Extracted records -
###
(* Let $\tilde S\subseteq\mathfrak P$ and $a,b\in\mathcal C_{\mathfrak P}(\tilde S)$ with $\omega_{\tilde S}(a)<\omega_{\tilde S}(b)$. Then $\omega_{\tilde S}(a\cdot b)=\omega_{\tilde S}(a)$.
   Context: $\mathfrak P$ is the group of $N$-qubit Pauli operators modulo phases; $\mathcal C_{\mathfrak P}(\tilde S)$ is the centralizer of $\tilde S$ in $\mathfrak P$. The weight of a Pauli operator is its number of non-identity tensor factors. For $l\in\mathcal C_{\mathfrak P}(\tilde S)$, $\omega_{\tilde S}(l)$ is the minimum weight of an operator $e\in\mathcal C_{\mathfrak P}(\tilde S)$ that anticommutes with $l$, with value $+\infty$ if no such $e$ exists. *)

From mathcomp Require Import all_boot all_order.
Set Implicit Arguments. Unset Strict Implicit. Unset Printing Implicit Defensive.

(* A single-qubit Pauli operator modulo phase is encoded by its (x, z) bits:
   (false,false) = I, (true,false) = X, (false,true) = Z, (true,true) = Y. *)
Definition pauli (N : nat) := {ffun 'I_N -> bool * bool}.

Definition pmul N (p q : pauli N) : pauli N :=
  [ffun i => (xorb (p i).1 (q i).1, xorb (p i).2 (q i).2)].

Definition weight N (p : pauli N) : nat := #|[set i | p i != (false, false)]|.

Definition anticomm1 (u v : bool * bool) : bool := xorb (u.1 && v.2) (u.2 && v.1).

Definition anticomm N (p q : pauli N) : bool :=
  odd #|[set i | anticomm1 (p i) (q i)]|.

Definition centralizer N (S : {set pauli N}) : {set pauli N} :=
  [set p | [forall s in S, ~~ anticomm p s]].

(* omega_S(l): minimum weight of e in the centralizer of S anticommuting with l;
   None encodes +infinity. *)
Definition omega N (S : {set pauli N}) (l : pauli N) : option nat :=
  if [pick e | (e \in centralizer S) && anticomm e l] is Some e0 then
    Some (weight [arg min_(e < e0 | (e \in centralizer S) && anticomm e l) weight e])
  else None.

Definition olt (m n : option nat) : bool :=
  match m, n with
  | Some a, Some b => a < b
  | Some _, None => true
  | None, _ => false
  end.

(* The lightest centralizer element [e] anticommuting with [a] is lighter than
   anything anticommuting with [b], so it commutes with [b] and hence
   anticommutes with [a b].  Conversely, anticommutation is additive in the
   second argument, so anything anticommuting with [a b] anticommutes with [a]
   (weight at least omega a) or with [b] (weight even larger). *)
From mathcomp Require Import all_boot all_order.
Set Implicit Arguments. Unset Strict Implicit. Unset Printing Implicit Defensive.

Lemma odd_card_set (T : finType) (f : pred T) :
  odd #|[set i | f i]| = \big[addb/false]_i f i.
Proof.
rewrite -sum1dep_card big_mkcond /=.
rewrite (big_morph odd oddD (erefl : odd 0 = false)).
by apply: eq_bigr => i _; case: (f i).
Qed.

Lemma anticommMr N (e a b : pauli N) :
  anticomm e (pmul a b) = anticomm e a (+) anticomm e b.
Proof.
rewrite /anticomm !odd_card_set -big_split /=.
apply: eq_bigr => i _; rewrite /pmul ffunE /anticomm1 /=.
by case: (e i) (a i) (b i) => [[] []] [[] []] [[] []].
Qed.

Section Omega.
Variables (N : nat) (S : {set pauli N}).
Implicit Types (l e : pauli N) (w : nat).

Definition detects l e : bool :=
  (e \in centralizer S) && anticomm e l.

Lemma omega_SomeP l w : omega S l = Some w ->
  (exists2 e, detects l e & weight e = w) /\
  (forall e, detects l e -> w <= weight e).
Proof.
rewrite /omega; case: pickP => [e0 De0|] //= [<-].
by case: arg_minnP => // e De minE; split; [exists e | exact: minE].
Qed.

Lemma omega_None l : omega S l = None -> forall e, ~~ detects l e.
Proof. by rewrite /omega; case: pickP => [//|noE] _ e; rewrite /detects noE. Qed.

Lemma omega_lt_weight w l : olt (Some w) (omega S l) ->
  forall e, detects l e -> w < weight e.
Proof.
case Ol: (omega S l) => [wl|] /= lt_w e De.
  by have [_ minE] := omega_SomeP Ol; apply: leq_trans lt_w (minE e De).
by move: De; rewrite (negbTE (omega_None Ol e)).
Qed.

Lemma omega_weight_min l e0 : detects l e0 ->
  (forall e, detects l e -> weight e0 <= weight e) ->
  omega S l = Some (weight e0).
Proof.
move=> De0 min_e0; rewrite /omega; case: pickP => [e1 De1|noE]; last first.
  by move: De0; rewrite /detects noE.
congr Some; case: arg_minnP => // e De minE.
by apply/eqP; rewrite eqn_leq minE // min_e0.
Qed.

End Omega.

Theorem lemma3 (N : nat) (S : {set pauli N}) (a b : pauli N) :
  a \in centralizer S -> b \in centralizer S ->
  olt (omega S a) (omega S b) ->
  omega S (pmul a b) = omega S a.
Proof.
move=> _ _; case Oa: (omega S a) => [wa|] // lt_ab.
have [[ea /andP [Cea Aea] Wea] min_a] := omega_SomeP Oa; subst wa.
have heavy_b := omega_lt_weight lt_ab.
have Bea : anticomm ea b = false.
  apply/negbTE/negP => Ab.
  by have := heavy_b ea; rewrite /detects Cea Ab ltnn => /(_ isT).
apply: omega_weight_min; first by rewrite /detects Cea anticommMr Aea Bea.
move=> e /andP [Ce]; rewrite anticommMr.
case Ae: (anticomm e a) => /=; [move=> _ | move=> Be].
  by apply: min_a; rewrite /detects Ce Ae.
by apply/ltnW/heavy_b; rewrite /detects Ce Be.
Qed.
###
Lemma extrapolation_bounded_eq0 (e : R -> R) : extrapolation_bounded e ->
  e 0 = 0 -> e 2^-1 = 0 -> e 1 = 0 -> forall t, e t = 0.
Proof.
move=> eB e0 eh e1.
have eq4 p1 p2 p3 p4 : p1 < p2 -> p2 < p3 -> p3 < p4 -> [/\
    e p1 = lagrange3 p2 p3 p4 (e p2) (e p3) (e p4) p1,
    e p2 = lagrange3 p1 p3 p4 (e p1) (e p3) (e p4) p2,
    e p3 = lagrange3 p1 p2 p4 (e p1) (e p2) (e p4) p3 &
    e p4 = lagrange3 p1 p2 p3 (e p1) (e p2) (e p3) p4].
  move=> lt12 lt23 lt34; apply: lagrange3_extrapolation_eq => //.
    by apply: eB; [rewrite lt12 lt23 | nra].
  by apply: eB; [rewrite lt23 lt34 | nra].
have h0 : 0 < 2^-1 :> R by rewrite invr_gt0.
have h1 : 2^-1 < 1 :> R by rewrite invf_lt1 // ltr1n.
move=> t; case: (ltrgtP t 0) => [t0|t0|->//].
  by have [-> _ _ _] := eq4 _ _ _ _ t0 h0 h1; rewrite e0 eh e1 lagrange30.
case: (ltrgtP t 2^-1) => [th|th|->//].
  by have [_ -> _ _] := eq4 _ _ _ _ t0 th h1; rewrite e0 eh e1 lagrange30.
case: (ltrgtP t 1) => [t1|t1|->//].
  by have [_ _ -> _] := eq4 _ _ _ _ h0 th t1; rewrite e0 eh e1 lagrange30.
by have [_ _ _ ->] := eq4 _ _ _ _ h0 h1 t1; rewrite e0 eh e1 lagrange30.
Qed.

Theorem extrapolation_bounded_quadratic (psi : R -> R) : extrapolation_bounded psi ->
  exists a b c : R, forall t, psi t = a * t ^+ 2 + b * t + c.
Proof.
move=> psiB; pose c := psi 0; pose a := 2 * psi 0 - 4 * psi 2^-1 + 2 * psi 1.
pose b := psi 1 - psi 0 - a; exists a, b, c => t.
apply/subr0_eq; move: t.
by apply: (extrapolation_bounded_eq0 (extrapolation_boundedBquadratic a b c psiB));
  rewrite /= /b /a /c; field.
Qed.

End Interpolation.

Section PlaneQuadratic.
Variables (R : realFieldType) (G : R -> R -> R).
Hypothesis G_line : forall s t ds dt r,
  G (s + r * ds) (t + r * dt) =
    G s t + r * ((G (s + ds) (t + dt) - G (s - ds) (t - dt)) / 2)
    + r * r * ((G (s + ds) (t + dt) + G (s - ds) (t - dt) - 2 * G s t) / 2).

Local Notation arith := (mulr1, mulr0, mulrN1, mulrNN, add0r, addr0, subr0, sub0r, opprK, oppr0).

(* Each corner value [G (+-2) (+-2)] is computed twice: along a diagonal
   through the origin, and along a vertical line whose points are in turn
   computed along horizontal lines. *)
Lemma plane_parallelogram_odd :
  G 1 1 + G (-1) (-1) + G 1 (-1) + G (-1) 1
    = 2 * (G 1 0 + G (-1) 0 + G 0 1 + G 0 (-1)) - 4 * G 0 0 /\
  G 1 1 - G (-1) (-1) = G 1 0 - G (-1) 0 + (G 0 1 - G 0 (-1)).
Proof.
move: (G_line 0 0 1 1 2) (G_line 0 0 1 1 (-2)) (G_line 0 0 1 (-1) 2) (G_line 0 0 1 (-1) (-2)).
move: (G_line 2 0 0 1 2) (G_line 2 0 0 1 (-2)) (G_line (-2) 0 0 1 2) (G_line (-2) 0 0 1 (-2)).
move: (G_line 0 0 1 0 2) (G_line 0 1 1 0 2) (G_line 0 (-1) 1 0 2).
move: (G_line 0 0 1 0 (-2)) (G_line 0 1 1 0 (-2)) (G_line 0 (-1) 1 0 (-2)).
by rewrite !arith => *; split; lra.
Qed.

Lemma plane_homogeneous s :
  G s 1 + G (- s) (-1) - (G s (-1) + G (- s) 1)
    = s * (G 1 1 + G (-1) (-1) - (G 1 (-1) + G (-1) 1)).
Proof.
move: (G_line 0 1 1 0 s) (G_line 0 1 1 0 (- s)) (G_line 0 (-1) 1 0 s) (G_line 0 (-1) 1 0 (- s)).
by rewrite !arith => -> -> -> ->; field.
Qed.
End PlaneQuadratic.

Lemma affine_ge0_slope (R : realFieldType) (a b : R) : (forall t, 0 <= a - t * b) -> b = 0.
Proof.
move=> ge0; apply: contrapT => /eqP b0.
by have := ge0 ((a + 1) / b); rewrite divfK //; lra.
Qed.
###
EXERCISE PROMPT -
Beginning at the line above with "(* Let $\tilde" and finishing at the line with "Context: $\mathfrak P$", return each line exactly and return nothing else.

OUTPUT -
(* Let $\tilde S\subseteq\mathfrak P$ and $a,b\in\mathcal C_{\mathfrak P}(\tilde S)$ with $\omega_{\tilde S}(a)<\omega_{\tilde S}(b)$. Then $\omega_{\tilde S}(a\cdot b)=\omega_{\tilde S}(a)$.
   Context: $\mathfrak P$ is the group of $N$-qubit Pauli operators modulo phases; $\mathcal C_{\mathfrak P}(\tilde S)$ is the centralizer of $\tilde S$ in $\mathfrak P$. The weight of a Pauli operator is its number of non-identity tensor factors. For $l\in\mathcal C_{\mathfrak P}(\tilde S)$, $\omega_{\tilde S}(l)$ is the minimum weight of an operator $e\in\mathcal C_{\mathfrak P}(\tilde S)$ that anticommutes with $l$, with value $+\infty$ if no such $e$ exists. *)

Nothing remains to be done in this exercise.